## TASK TO CARRY OUT
Once the lines below holding the string "Hdisj" are counted, give that number alone.

(PROVIDED RECORDS begins)

(* In an almost zero-dimensional space $X$, every closed $\sigma$C-set is a C-set.
   Context: All spaces are separable and metrizable. A subset $A$ of a space $X$ is a C-set in $X$ if $A$ is an intersection of clopen subsets of $X$; a $\sigma$C-set is a countable union of C-sets in $X$. $X$ is almost zero-dimensional if every point of $X$ has a neighborhood basis consisting of C-sets in $X$. *)

From Stdlib Require Import Reals.
Open Scope R_scope.

Section Topo.
Variable X : Type.
Variable d : X -> X -> R.

Definition is_metric : Prop :=
  (forall x y, 0 <= d x y) /\
  (forall x y, d x y = 0 <-> x = y) /\
  (forall x y, d x y = d y x) /\
  (forall x y z, d x z <= d x y + d y z).

Definition separable : Prop :=
  exists D : X -> Prop,
    (exists f : X -> nat, forall a b, D a -> D b -> f a = f b -> a = b) /\
    (forall x r, 0 < r -> exists y, D y /\ d x y < r).

Definition is_open (U : X -> Prop) : Prop :=
  forall x, U x -> exists r, 0 < r /\ forall y, d x y < r -> U y.

Definition is_closed (A : X -> Prop) : Prop := is_open (fun x => ~ A x).

Definition is_clopen (A : X -> Prop) : Prop := is_open A /\ is_closed A.

Definition C_set (A : X -> Prop) : Prop :=
  exists F : (X -> Prop) -> Prop,
    (forall U, F U -> is_clopen U) /\
    (forall x, A x <-> (forall U, F U -> U x)).

Definition sigmaC_set (A : X -> Prop) : Prop :=
  exists B : nat -> (X -> Prop),
    (forall n, C_set (B n)) /\
    (forall x, A x <-> exists n, B n x).

Definition neighborhood (x : X) (A : X -> Prop) : Prop :=
  exists r, 0 < r /\ forall y, d x y < r -> A y.

Definition almost_zero_dimensional : Prop :=
  forall x U, is_open U -> U x ->
    exists A, C_set A /\ neighborhood x A /\ (forall y, A y -> U y).
End Topo.

(* Fix x outside A and a C-set neighbourhood W of x missing A. By Lindelöf,
   countably many C-sets V_i missing A have interiors covering the complement
   of A. Each C-set B_n of A = ⋃ B_n is disjoint from the C-set
   G_n = W ∪ V_0 ∪ ... ∪ V_n, and in a separable metric space two disjoint
   C-sets are separated by a clopen set N_n ⊇ B_n. The union U = ⋃ N_n
   contains A and misses x; it is open, and it is closed because near a point
   outside U (hence outside A, hence inside the interior of some V_i) only the
   finitely many N_n with n < i can appear. So A is the intersection of the
   clopen sets containing it. *)

From Stdlib Require Import Reals Lra Lia Classical ClassicalEpsilon Arith.Cantor.
Open Scope R_scope.

Section MetricSpace.
Variable X : Type.
Variable d : X -> X -> R.

Lemma neighborhood_mono x (S T : X -> Prop) :
  (forall y, S y -> T y) -> neighborhood X d x S -> neighborhood X d x T.
Proof. intros HST [r [rpos Hr]]. exists r. split; auto. Qed.

Lemma neighborhood_and x (S T : X -> Prop) :
  neighborhood X d x S -> neighborhood X d x T ->
  neighborhood X d x (fun y => S y /\ T y).
Proof.
  intros [r [rpos Hr]] [s [spos Hs]].
  exists (Rmin r s). split; [now apply Rmin_pos|].
  intros y Hy. split.
  - apply Hr. eapply Rlt_le_trans; [exact Hy | apply Rmin_l].
  - apply Hs. eapply Rlt_le_trans; [exact Hy | apply Rmin_r].
Qed.

Lemma neighborhood_finite_avoid (S : nat -> X -> Prop) n x :
  (forall k, is_closed X d (S k)) -> (forall k, (k < n)%nat -> ~ S k x) ->
  neighborhood X d x (fun y => forall k, (k < n)%nat -> ~ S k y).
Proof.
  intros Sclosed. induction n as [|n IH]; intros Hx.
  - exists 1. split; [lra|]. intros y _ k Hk. lia.
  - apply (neighborhood_mono x (fun y => (forall k, (k < n)%nat -> ~ S k y) /\ ~ S n y)).
    + intros y [Hlt Hn] k Hk. destruct (Nat.eq_dec k n) as [->|Hne]; auto.
      apply Hlt. lia.
    + apply neighborhood_and; [apply IH; auto|apply Sclosed, Hx; lia].
Qed.

Lemma open_union (U : nat -> X -> Prop) :
  (forall n, is_open X d (U n)) -> is_open X d (fun x => exists n, U n x).
Proof.
  intros Uopen x [n Hx]. apply (neighborhood_mono x (U n)); [eauto|exact (Uopen n x Hx)].
Qed.

Lemma clopen_empty : is_clopen X d (fun _ => False).
Proof.
  split.
  - intros x [].
  - intros x _. exists 1. split; [lra|]. intros y _ [].
Qed.

Lemma clopen_compl (U : X -> Prop) :
  is_clopen X d U -> is_clopen X d (fun x => ~ U x).
Proof.
  intros [Uopen Uclosed]. split; [exact Uclosed|].
  intros x Hx. apply NNPP in Hx.
  apply (neighborhood_mono x U); [tauto|exact (Uopen x Hx)].
Qed.

Lemma clopen_union (U V : X -> Prop) :
  is_clopen X d U -> is_clopen X d V -> is_clopen X d (fun x => U x \/ V x).
Proof.
  intros [Uopen Uclosed] [Vopen Vclosed]. split.
  - intros x [Ux|Vx].
    + apply (neighborhood_mono x U); [tauto|exact (Uopen x Ux)].
    + apply (neighborhood_mono x V); [tauto|exact (Vopen x Vx)].
  - intros x Hx.
    apply (neighborhood_mono x (fun y => ~ U y /\ ~ V y)); [tauto|].
    apply neighborhood_and; [apply Uclosed | apply Vclosed]; tauto.
Qed.

Lemma open_partition_union_clopen (P : nat -> X -> Prop) (J : nat -> Prop) :
  (forall n, is_open X d (P n)) -> (forall x, exists n, P n x) ->
  (forall m n x, P m x -> P n x -> m = n) ->
  is_clopen X d (fun x => exists n, J n /\ P n x).
Proof.
  intros Popen Pcover Pdisj. split.
  - apply open_union. intros n x [Jn Px].
    apply (neighborhood_mono x (P n)); [auto|exact (Popen n x Px)].
  - intros x Hx. destruct (Pcover x) as [n Px].
    apply (neighborhood_mono x (P n)); [|exact (Popen n x Px)].
    intros y Py [m [Jm Pmy]]. rewrite (Pdisj m n y Pmy Py) in Jm. eauto.
Qed.

Definition disjointed (S : nat -> X -> Prop) n x : Prop :=
  S n x /\ forall k, (k < n)%nat -> ~ S k x.

Lemma disjointed_open (S : nat -> X -> Prop) n :
  (forall k, is_clopen X d (S k)) -> is_open X d (disjointed S n).
Proof.
  intros Sclopen x [Sx Hlt]. apply neighborhood_and.
  - apply (Sclopen n). exact Sx.
  - apply neighborhood_finite_avoid; [intro k; apply Sclopen|exact Hlt].
Qed.

Lemma disjointed_cover (S : nat -> X -> Prop) n x :
  S n x -> exists m, disjointed S m x.
Proof.
  intros Sx.
  destruct (Wf_nat.dec_inh_nat_subset_has_unique_least_element (fun k => S k x))
    as [m [[Sm Hleast] _]]; [intro; apply classic|eauto|].
  exists m. split; [exact Sm|]. intros k Hk Sk. specialize (Hleast k Sk). lia.
Qed.

Lemma disjointed_unique (S : nat -> X -> Prop) m n x :
  disjointed S m x -> disjointed S n x -> m = n.
Proof.
  intros [Sm Hm] [Sn Hn].
  destruct (Nat.lt_total m n) as [Hlt|[Heq|Hlt]];
    [exfalso; exact (Hn m Hlt Sm)|exact Heq|exfalso; exact (Hm n Hlt Sn)].
Qed.

Lemma clopen_union_locally_finite (N : nat -> X -> Prop) :
  (forall n, is_clopen X d (N n)) ->
  (forall x, ~ (exists n, N n x) ->
     exists i, neighborhood X d x (fun y => forall n, (i <= n)%nat -> ~ N n y)) ->
  is_clopen X d (fun x => exists n, N n x).
Proof.
  intros Nclopen Hlocal. split.
  - apply open_union. intro n. apply Nclopen.
  - intros x Hx. destruct (Hlocal x Hx) as [i Htail].
    apply (neighborhood_mono x (fun y => (forall n, (i <= n)%nat -> ~ N n y) /\
                                         forall n, (n < i)%nat -> ~ N n y)).
    + intros y [Hge Hlt] [n Ny]. destruct (Nat.lt_ge_cases n i); [eapply Hlt|eapply Hge]; eauto.
    + apply neighborhood_and; [exact Htail|].
      apply neighborhood_finite_avoid; [intro n; apply Nclopen|eauto].
Qed.

Lemma C_set_iff_separation (A : X -> Prop) :
  C_set X d A <->
  forall x, ~ A x -> exists U, is_clopen X d U /\ (forall y, A y -> U y) /\ ~ U x.
Proof.
  split.
  - intros [F [Fclopen HA]] x Hx.
    apply NNPP. intro Hnone. apply Hx, HA. intros U FU. apply NNPP. intro Ux.
    apply Hnone. exists U. split; [auto|]. split; [|exact Ux].
    intros y Ay. exact (proj1 (HA y) Ay U FU).
  - intros Hsep. exists (fun U => is_clopen X d U /\ forall y, A y -> U y).
    split; [tauto|]. intro x. split.
    + intros Ax U [_ HU]. auto.
    + intros Hall. apply NNPP. intro Hx.
      destruct (Hsep x Hx) as [U [Uclopen [HAU Ux]]]. apply Ux, Hall. auto.
Qed.

Lemma C_set_ext (A B : X -> Prop) :
  (forall y, A y <-> B y) -> C_set X d A -> C_set X d B.
Proof.
  intros HAB [F [Fclopen HA]]. exists F. split; [exact Fclopen|].
  intro x. rewrite <- HAB. apply HA.
Qed.

Lemma C_set_empty : C_set X d (fun _ => False).
Proof.
  apply C_set_iff_separation. intros x _.
  exists (fun _ => False). split; [apply clopen_empty|tauto].
Qed.

Lemma C_set_union (A B : X -> Prop) :
  C_set X d A -> C_set X d B -> C_set X d (fun y => A y \/ B y).
Proof.
  rewrite !C_set_iff_separation. intros HA HB x Hx.
  destruct (HA x) as [U [Uclopen [HAU Ux]]]; [tauto|].
  destruct (HB x) as [V [Vclopen [HBV Vx]]]; [tauto|].
  exists (fun y => U y \/ V y). split; [apply clopen_union; auto|].
  split; [intros y [Ay|By]; auto|tauto].
Qed.

Lemma C_set_finite_union (W : nat -> X -> Prop) n :
  (forall i, C_set X d (W i)) -> C_set X d (fun y => exists i, (i <= n)%nat /\ W i y).
Proof.
  intros WC. induction n as [|n IH].
  - apply (C_set_ext (W 0%nat)); [|apply WC].
    intro y. split; [eauto|]. intros [i [Hi Wy]].
    replace i with 0%nat in Wy by lia. exact Wy.
  - apply (C_set_ext (fun y => (exists i, (i <= n)%nat /\ W i y) \/ W (S n) y)).
    + intro y. split.
      * intros [[i [Hi Wy]]|Wy]; [exists i|exists (S n)]; split; auto; lia.
      * intros [i [Hi Wy]]. destruct (Nat.eq_dec i (S n)) as [->|Hne]; [now right|].
        left. exists i. split; [lia|exact Wy].
    + apply C_set_union; auto.
Qed.

Hypothesis hmet : is_metric X d.

Lemma neighborhood_mem x (S : X -> Prop) : neighborhood X d x S -> S x.
Proof.
  intros [r [rpos Hr]]. apply Hr.
  destruct hmet as [_ [dzero _]]. rewrite (proj2 (dzero x x) eq_refl). exact rpos.
Qed.

Hypothesis hsep : separable X d.

Lemma countable_subcover (P : (X -> Prop) -> Prop) (Q : X -> Prop) :
  P (fun _ => False) ->
  (forall z, Q z -> exists S, P S /\ neighborhood X d z S) ->
  exists S : nat -> X -> Prop,
    (forall n, P (S n)) /\ forall z, Q z -> exists n, neighborhood X d z (S n).
Proof.
  intros P0 Hloc.
  destruct hmet as [_ [_ [dsym dtri]]].
  destruct hsep as [D [[code code_inj] Ddense]].
  (* Index by (code q, N): the members of P containing the ball of radius 1/N
     about the dense point q. *)
  set (good := fun (p : nat * nat) (S : X -> Prop) =>
     P S /\ exists q, D q /\ code q = fst p /\ forall y, d q y < / INR (snd p) -> S y).
  assert (Hpick : forall n, exists S, P S /\ (good (of_nat n) S \/ ~ exists S, good (of_nat n) S)).
  { intro n. destruct (classic (exists S, good (of_nat n) S)) as [[S HS]|HS].
    - exists S. split; [apply HS|now left].
    - exists (fun _ => False). split; [exact P0|now right]. }
  destruct (choice _ Hpick) as [S HS].
  exists S. split; [intro n; apply HS|].
  intros z Qz. destruct (Hloc z Qz) as [T [PT [r [rpos Hr]]]].
  destruct (archimed_cor1 (r / 2)) as [N [HN Npos]]; [lra|].
  assert (HNpos : 0 < / INR N) by (apply Rinv_0_lt_compat, lt_0_INR, Npos).
  destruct (Ddense z (/ INR N) HNpos) as [q [Dq Hq]].
  exists (to_nat (code q, N)).
  destruct (HS (to_nat (code q, N))) as [_ [Hgood|Hnone]]; rewrite cancel_of_to in *.
  - destruct Hgood as [_ [q' [Dq' [Hcode Hball]]]]. simpl in Hcode, Hball.
    replace q' with q in Hball by (apply code_inj; auto).
    exists (/ INR N - d z q). split; [lra|].
    intros y Hy. apply Hball. specialize (dtri q z y). rewrite (dsym q z) in dtri. lra.
  - exfalso. apply Hnone. exists T. split; [exact PT|].
    exists q. split; [exact Dq|]. split; [reflexivity|].
    intros y Hy. apply Hr. simpl in Hy. specialize (dtri z q y). lra.
Qed.

Lemma C_set_clopen_separation (B G : X -> Prop) :
  C_set X d B -> C_set X d G -> (forall y, B y -> ~ G y) ->
  exists N, is_clopen X d N /\ (forall y, B y -> N y) /\ (forall y, N y -> ~ G y).
Proof.
  intros BC GC Hdisj.
  destruct (countable_subcover
     (fun S => is_clopen X d S /\ ((forall y, S y -> ~ B y) \/ (forall y, S y -> ~ G y)))
     (fun _ => True)) as [S [HS Scover]].
  { split; [apply clopen_empty|left; tauto]. }
  { intros z _.
    assert (Hsep : forall E, C_set X d E -> ~ E z ->
              exists V, is_clopen X d V /\ (forall y, V y -> ~ E y) /\ neighborhood X d z V).
    { intros E EC Ez. destruct (proj1 (C_set_iff_separation E) EC z Ez) as [U [Uclopen [HEU Uz]]].
      exists (fun y => ~ U y). split; [now apply clopen_compl|]. split; [auto|].
      exact (proj1 (clopen_compl U Uclopen) z Uz). }
    destruct (classic (B z)) as [Bz|Bz].
    - destruct (Hsep G GC (Hdisj z Bz)) as [V [Vclopen [HV Vz]]]. eauto.
    - destruct (Hsep B BC Bz) as [V [Vclopen [HV Vz]]]. eauto. }
  assert (Hcover : forall x, exists n, disjointed S n x).
  { intro x. destruct (Scover x I) as [n Hn].
    exact (disjointed_cover S n x (neighborhood_mem x (S n) Hn)). }
  exists (fun x => exists n, (forall y, S n y -> ~ G y) /\ disjointed S n x).
  split; [|split].
  - apply open_partition_union_clopen; [|exact Hcover|exact (disjointed_unique S)].
    intro n. apply disjointed_open. intro k. apply HS.
  - intros y By. destruct (Hcover y) as [n Hn]. exists n. split; [|exact Hn].
    destruct (HS n) as [_ [HnB|HnG]]; [exfalso; exact (HnB y (proj1 Hn) By)|exact HnG].
  - intros y [n [HnG Hn]]. exact (HnG y (proj1 Hn)).
Qed.

Lemma closed_sigmaC_set_separation (A : X -> Prop) :
  almost_zero_dimensional X d -> is_closed X d A -> sigmaC_set X d A ->
  forall x, ~ A x -> exists U, is_clopen X d U /\ (forall y, A y -> U y) /\ ~ U x.
Proof.
  intros hazd Aclosed [B [BC HB]] x Ax.
  destruct (hazd x (fun y => ~ A y) Aclosed Ax) as [W [WC [Wx HWA]]].
  destruct (countable_subcover (fun V => C_set X d V /\ forall y, V y -> ~ A y)
       (fun z => ~ A z)) as [V [HV Vcover]].
  { split; [apply C_set_empty|tauto]. }
  { intros z Az. destruct (hazd z (fun y => ~ A y) Aclosed Az) as [Vz [VzC [Hz HVz]]]. eauto. }
  set (G := fun n y => W y \/ exists i, (i <= n)%nat /\ V i y).
  assert (HN : forall n, exists N, is_clopen X d N /\ (forall y, B n y -> N y) /\
                                   (forall y, N y -> ~ G n y)).
  { intro n. apply C_set_clopen_separation; [apply BC| |].
    - apply C_set_union; [exact WC|]. apply C_set_finite_union. intro i. apply HV.
    - intros y Bny [Wy|[i [_ Viy]]]; [apply (HWA y Wy)|apply (proj2 (HV i) y Viy)];
        apply HB; eauto. }
  destruct (choice _ HN) as [N HNn].
  assert (HAN : forall y, A y -> exists n, N n y).
  { intros y Ay. destruct (proj1 (HB y) Ay) as [n Bny]. exists n. apply HNn, Bny. }
  exists (fun y => exists n, N n y). split; [|split; [exact HAN|]].
  - apply clopen_union_locally_finite; [intro n; apply HNn|].
    intros y Hy. destruct (Vcover y) as [i Hi]; [intro Ay; apply Hy; auto|].
    exists i. apply (neighborhood_mono y (V i)); [|exact Hi].
    intros z Viz n Hn Nz. apply (proj2 (proj2 (HNn n)) z Nz). right. eauto.
  - intros [n Nx]. apply (proj2 (proj2 (HNn n)) x Nx). left.
    exact (neighborhood_mem x W Wx).
Qed.

End MetricSpace.

Theorem theorem4p4 (X : Type) (d : X -> X -> R)
  (hmet : is_metric X d) (hsep : separable X d)
  (hazd : almost_zero_dimensional X d)
  (A : X -> Prop) (hcl : is_closed X d A) (hsc : sigmaC_set X d A) :
  C_set X d A.
Proof.
  apply C_set_iff_separation.
  exact (closed_sigmaC_set_separation X d hmet hsep A hazd hcl hsc).
Qed.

(PROVIDED RECORDS ends)

## SOLUTION TO THE EXERCISE
2